Ageless Male Plan How many times have you seen this? You walk into your gym and you instantly see a group of guys working in a squat rack loading it up with as much weight as they can get on there only to pound out one repetition with terrible form?
It is likely that it is a daily occurrence at your gym.
While that should not be a problem when it comes to your own workout, but take it from a person who has spent the myriad of his time at the gym lifting like a meat-head, the amount of weight that the person next to you is doing really weighs in on your own ego. You tell yourself, “I can do that,” so you load up the bar and start doing the exact same thing with the exact same poor form.
Your progress is not going to go very far when it comes to poor form.
A friend of mine made the switch a while back to go from your typical gym to something a little more guided. A gym that focuses on making sure that every single repetition is done with the same perfect form or it does not count and you have to do it again. It was not long after that he was able to talk me into joining him. Ageless Male The first couple of weeks were absolutely brutal because of one major problem, mobility.
When you are working out in the gym many people often forget that stretching part of their workout that will help to increase their range of motion and improve their form.
It should extend even farther than the gym doors as well. These mobility and simple stretching exercises can be done on your living room floor in front of the television at night. It does not take a long time, ten to fifteen minutes to really loosen up those muscles and tendons.
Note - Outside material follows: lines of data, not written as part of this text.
(* Let $\alpha\in(0,1)$, $\lambda\in(0,\tfrac12)$, and let $\Gamma^*$ be defined by the exponential formula $\Gamma^*=\sum_{j\ge0}\frac1{j!}\sum_{\mathbf n_1,\dots,\mathbf n_j}\pi^{(\mathbf n_1)}\cdots\pi^{(\mathbf n_j)}D^{(\mathbf n_1)}\cdots D^{(\mathbf n_j)}$ from a family $\{\pi^{(\mathbf n)}\}_{\mathbf n\in\mathbb N_0^{1+d}}\subset\mathsf T^*$ with $\pi^{(\mathbf n)}_\beta\ne0\Rightarrow|\beta|>|\mathbf n|$. Then for all multiindices $\beta,\gamma$ (not necessarily populated): (a) $(\Gamma^* )_\beta^\gamma$, as a function of the coefficients $\{\pi^{(\mathbf n)}_{\beta'}\}$, does not depend on $\pi^{(\mathbf n)}_{\beta'}$ unless $|\beta'|_\prec\le|\beta|_\prec$; (b) if $\sum_\ell\gamma(\ell)>0$, then $(\Gamma^* )_\beta^\gamma$ does not depend on $\pi^{(\mathbf n)}_{\beta'}$ unless $|\beta'|_\prec<|\beta|_\prec$; (c) $(\Gamma^*-\mathrm{id})_\beta^\gamma\ne0$ implies $|\gamma|_\prec<|\beta|_\prec$ and $|\gamma|<|\beta|$.
   Context: Multiindices: finitely supported maps $\beta:\mathbb N_0\,\dot\cup\,\mathbb N_0\,\dot\cup\,(\mathbb N_0^{1+d}\setminus\{\mathbf0\})\to\mathbb N_0$ (elements $k$ of the first copy, $\ell$ of the second, $\mathbf n$ of the third). Monomials $\mathsf z^\beta=\prod_k\mathsf a_k^{\beta(k)}\prod_\ell\mathsf b_\ell^{\beta(\ell)}\prod_{\mathbf n\ne\mathbf0}\mathsf p_{\mathbf n}^{\beta(\mathbf n)}$ in the formal power series ring $\mathbb R[[\mathsf a_k,\mathsf b_\ell,\mathsf p_{\mathbf n}]]$; matrix coefficients $A\mathsf z^\gamma=\sum_\beta A_\beta^\gamma\mathsf z^\beta$. With $\mathfrak s=(4,1,\dots,1)$, $|\mathbf n|:=\sum_i\mathfrak s_i\mathbf n_i$; $[\beta]:=\sum_kk\beta(k)+\sum_\ell\ell\beta(\ell)-\sum_{\mathbf n\ne\mathbf0}\beta(\mathbf n)$, $|\beta|_p:=\sum_{\mathbf n\ne\mathbf0}|\mathbf n|\beta(\mathbf n)$, homogeneity $|\beta|:=\alpha(1+[\beta])+|\beta|_p$; weighted length $|\beta|_\prec:=\sum_k\beta(k)+\sum_\ell\beta(\ell)+\lambda\sum_{\mathbf n\ne\mathbf0}|\mathbf n|\beta(\mathbf n)$. $\beta$ is populated if $1+\sum_kk\beta(k)+\sum_\ell\ell\beta(\ell)=\sum_\ell\beta(\ell)+\sum_{\mathbf n\ne\mathbf0}\beta(\mathbf n)$ and ($\beta=g_{\mathbf n}$ for some $\mathbf n\neq\mathbf0$, or $\sum_\ell\beta(\ell)>0$); $\mathsf T^*:=\{\pi:\pi_\beta\ne0\Rightarrow\beta\text{ populated}\}$. Derivations: $D^{(\mathbf0)}:=\sum_k(k+1)\mathsf a_{k+1}\partial_{\mathsf a_k}+\sum_\ell(\ell+1)\mathsf b_{\ell+1}\partial_{\mathsf b_\ell}$, $D^{(\mathbf n)}:=\partial_{\mathsf p_{\mathbf n}}$ for $\mathbf n\ne\mathbf0$. (Under these assumptions all matrix coefficients of $\Gamma^*$ are finite sums.) *)

From HB Require Import structures.
From mathcomp Require Import all_boot all_order all_algebra.
From mathcomp Require Import finmap.
From mathcomp Require multiset.
From mathcomp Require Import boolp classical_sets fsbigop reals.
Lemma laplace_Kker_at0 a : laplace_at (Kker N a b) 0 (sum_range 1 N a).
Proof.
  set (F := fun t => - sum_range 1 N (fun j => a j * survival j t)).
  apply (improper_int_of_antiderivative _ F).
  - intros t. rewrite Ropp_0, Rmult_0_l, exp_0, Rmult_1_l.
    apply (derivable_pt_lim_ext (fun s => -1 * sum_range 1 N (fun j => (fun j s => a j * survival j s) j s)));
      [intros; unfold F; ring|].
    replace (Kker N a b t) with (-1 * sum_range 1 N (fun j => a j * - Kj b j t))
      by (unfold Kker; rewrite <- sum_range_scal; apply sum_range_ext; intros; ring).
    apply derivable_pt_lim_scal_l, derivable_pt_lim_sum_range. intros j _.
    apply derivable_pt_lim_scal_l, derivable_pt_lim_survival.
  - intros t. eapply derivable_pt_lim_continuous.
    apply (derivable_pt_lim_mult (fun s => exp (- 0 * s)));
      [apply derivable_pt_lim_exp_scal | apply derivable_pt_lim_Kker].
  - assert (HF0 : F 0 = - sum_range 1 N a).
    { unfold F. f_equal. apply sum_range_ext. intros j Hj. rewrite survival_at0 by exact Hj. ring. }
    apply (vanishes_ext (fun T => -1 * sum_range 1 N (fun j => a j * survival j T))).
    + intros T. rewrite HF0. unfold F. ring.
    + apply vanishes_scal, (vanishes_sum_range 1 N (fun j T => a j * survival j T)).
      intros j Hj. now apply vanishes_scal, survival_vanishes.
Qed.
This will allow your body to make a full range of motion when it comes to doing exercises like the back or front squat. This will let your hips dip below your knee hitting just about every single muscle in your leg, and when that happens you are working more muscle fibers, building more lean tissue, and thus burning more calories.
The next time you find yourself at the gym start by working on different mobility exercises to loosen up the muscles that you are intending to work that day. It would even be wise to loosen up ones that you are not going to be using as well so that when that day comes you will be ready for it.
It is not about how much weight you can move, it is about how much weight you can move the farthest distance safely
By doing it in an inappropriate or improper fashion, you are not gaining any of the benefits from lifting weights. On the other hand, even wrong exercises carry some risk or danger of injury. So you are actually inviting harm without getting any advantages. So don’t cheat yourself in the performance of your workout routines.